The Liars Paradox appears to be a special case of infinite recursion.

liar() {

NOT liar()

}

Straight forward. A debugging tool would detect an infinite recursion. An English speaking logician could call it 'meaningless'. Now consider the 'strengthened paradox':

"Everything written on the board in Room 33 is either false or meaningless."

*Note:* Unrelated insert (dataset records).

(* Pairs [(l, E)] with [l \notin E] correspond to pairs [(F, l)] with
   [l \in F], via [F = l |: E]. *)
Lemma sum_prod_setU1 (R : comPzSemiRingType) (I : finType) (w : I -> R)
    (Q : I -> {set I} -> bool) :
  (forall l E, Q l E -> l \notin E) ->
  \sum_l \sum_(E | Q l E) w l * \prod_(l' in E) w l' =
  \sum_(F : {set I}) (\prod_(l in F) w l) *+ #|[set l in F | Q l (F :\ l)]|.
Proof.
move=> QnotE.
transitivity (\sum_l \sum_(F : {set I})
    (if (l \in F) && Q l (F :\ l) then \prod_(l' in F) w l' else 0)).
  apply: eq_bigr => l _; rewrite -big_mkcond /=.
  rewrite (reindex_onto (fun F => F :\ l) (fun E => l |: E)) /=; last first.
    by move=> E /QnotE lE; rewrite setU1K.
  apply: eq_big => F.
    case lF: (l \in F); first by rewrite setD1K // eqxx andbT.
    by case: (Q l (F :\ l)) => //=; apply/negbTE/eqP => eF; rewrite -eF setU11 in lF.
  by move=> /andP[_ /eqP eF]; rewrite -{2}eF big_setU1 //= !inE eqxx.
rewrite exchange_big; apply: eq_bigr => F _; rewrite -big_mkcond /=.
by rewrite -sumr_const; apply: eq_bigl => l; rewrite inE.
Qed.

Section TreeConstants.
Variables (R : comPzSemiRingType) (m : nat) (G : crn m).
Implicit Types (a : 'I_(n_cx G)) (w : 'I_(n_rx G) -> R).

Definition tree_const w a : R := \sum_(E | is_tree a E) \prod_(l in E) w l.

Lemma tree_const_balance w a :
  (forall l, src G l != tgt G l) ->
  \sum_(l | tgt G l == a) w l * tree_const w (src G l) =
  tree_const w a * \sum_(l | src G l == a) w l.
Proof.
move=> loopfree.
have expand (P : pred 'I_(n_rx G)) (root : 'I_(n_rx G) -> 'I_(n_cx G)) :
    \sum_(l | P l) w l * tree_const w (root l) =
    \sum_l \sum_(E | P l && is_tree (root l) E) w l * \prod_(l' in E) w l'.
  rewrite big_mkcond; apply: eq_bigr => l _.
  case: (P l) => /=; first by rewrite /tree_const big_distrr.
  by rewrite big_pred0.
rewrite mulrC big_distrl /=.
rewrite (expand (fun l => tgt G l == a) (src G)).
rewrite (expand (fun l => src G l == a) (fun=> a)).
rewrite !sum_prod_setU1.
- apply: eq_bigr => F _; congr (_ *+ _).
  exact: (card_in_cut_edges a F loopfree).
- by move=> l E /andP[/eqP sl T]; apply: tree_src_notin T sl.
- by move=> l E /andP[_ T]; apply: tree_src_notin T erefl.
Qed.

End TreeConstants.

Definition complex_balanced (R : comPzSemiRingType) m (G : crn m)
    (w : 'I_(n_rx G) -> R) (Psi : 'I_(n_cx G) -> R) : Prop :=
  forall a, \sum_(l | tgt G l == a) w l * Psi (src G l) = Psi a * \sum_(l | src G l == a) w l.

Section TreeConstantsPositive.
Variables (R : realFieldType) (m : nat) (G : crn m).
Variable w : 'I_(n_rx G) -> R.
Hypotheses (wr : weakly_reversible G) (w_gt0 : forall l, 0 < w l).

Lemma tree_const_gt0 a : 0 < tree_const w a.
Proof.
have [E0 T0] := tree_exists a wr.
rewrite /tree_const (bigD1 E0) //=; apply: ltr_pwDl; first exact: prodr_gt0.
by apply: sumr_ge0 => E _; apply: prodr_ge0 => l _; apply: ltW.
Qed.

This isn't translatable as a function. 'Meaningful' and 'meaningless' aren't values bivalent functions return so they shouldn't be values in our logic. Instead they should be thought of as flags for errors detected by our brain's debugging tool. But our debugging tool is embedded into the semantics of our language. We talk about sentences having the property of 'meaninglessness' instead of our brains not knowing what to do with the string of letters shown to it. You could probably build a language that returned a pseudo-value of "Meaningless" for infinitely recursive functions. It wouldn't "really" be a value, the program would just output a line that read "x = Meaningless" (not, and this is crucial, assign the variable the value of the string 'Meaningless') when asked to find Liar(x). That is basically what the human brain does.

When we get confused by the strengthened liar paradox we're committing a category error, thinking "meaningless" is a value when it is really an error message. In fact both versions of the paradox are meaningless (assuming 'meaningless' can be taken to mean something like 'Can't compute').

Of course it gets hairy since error messages have truth values too. But

Meaningless(Sliar()) = 1

Is not the same as

Sliar() =1

Thus there is no contradiction. Same will go for Meaningless(Meaningless(Sliar())).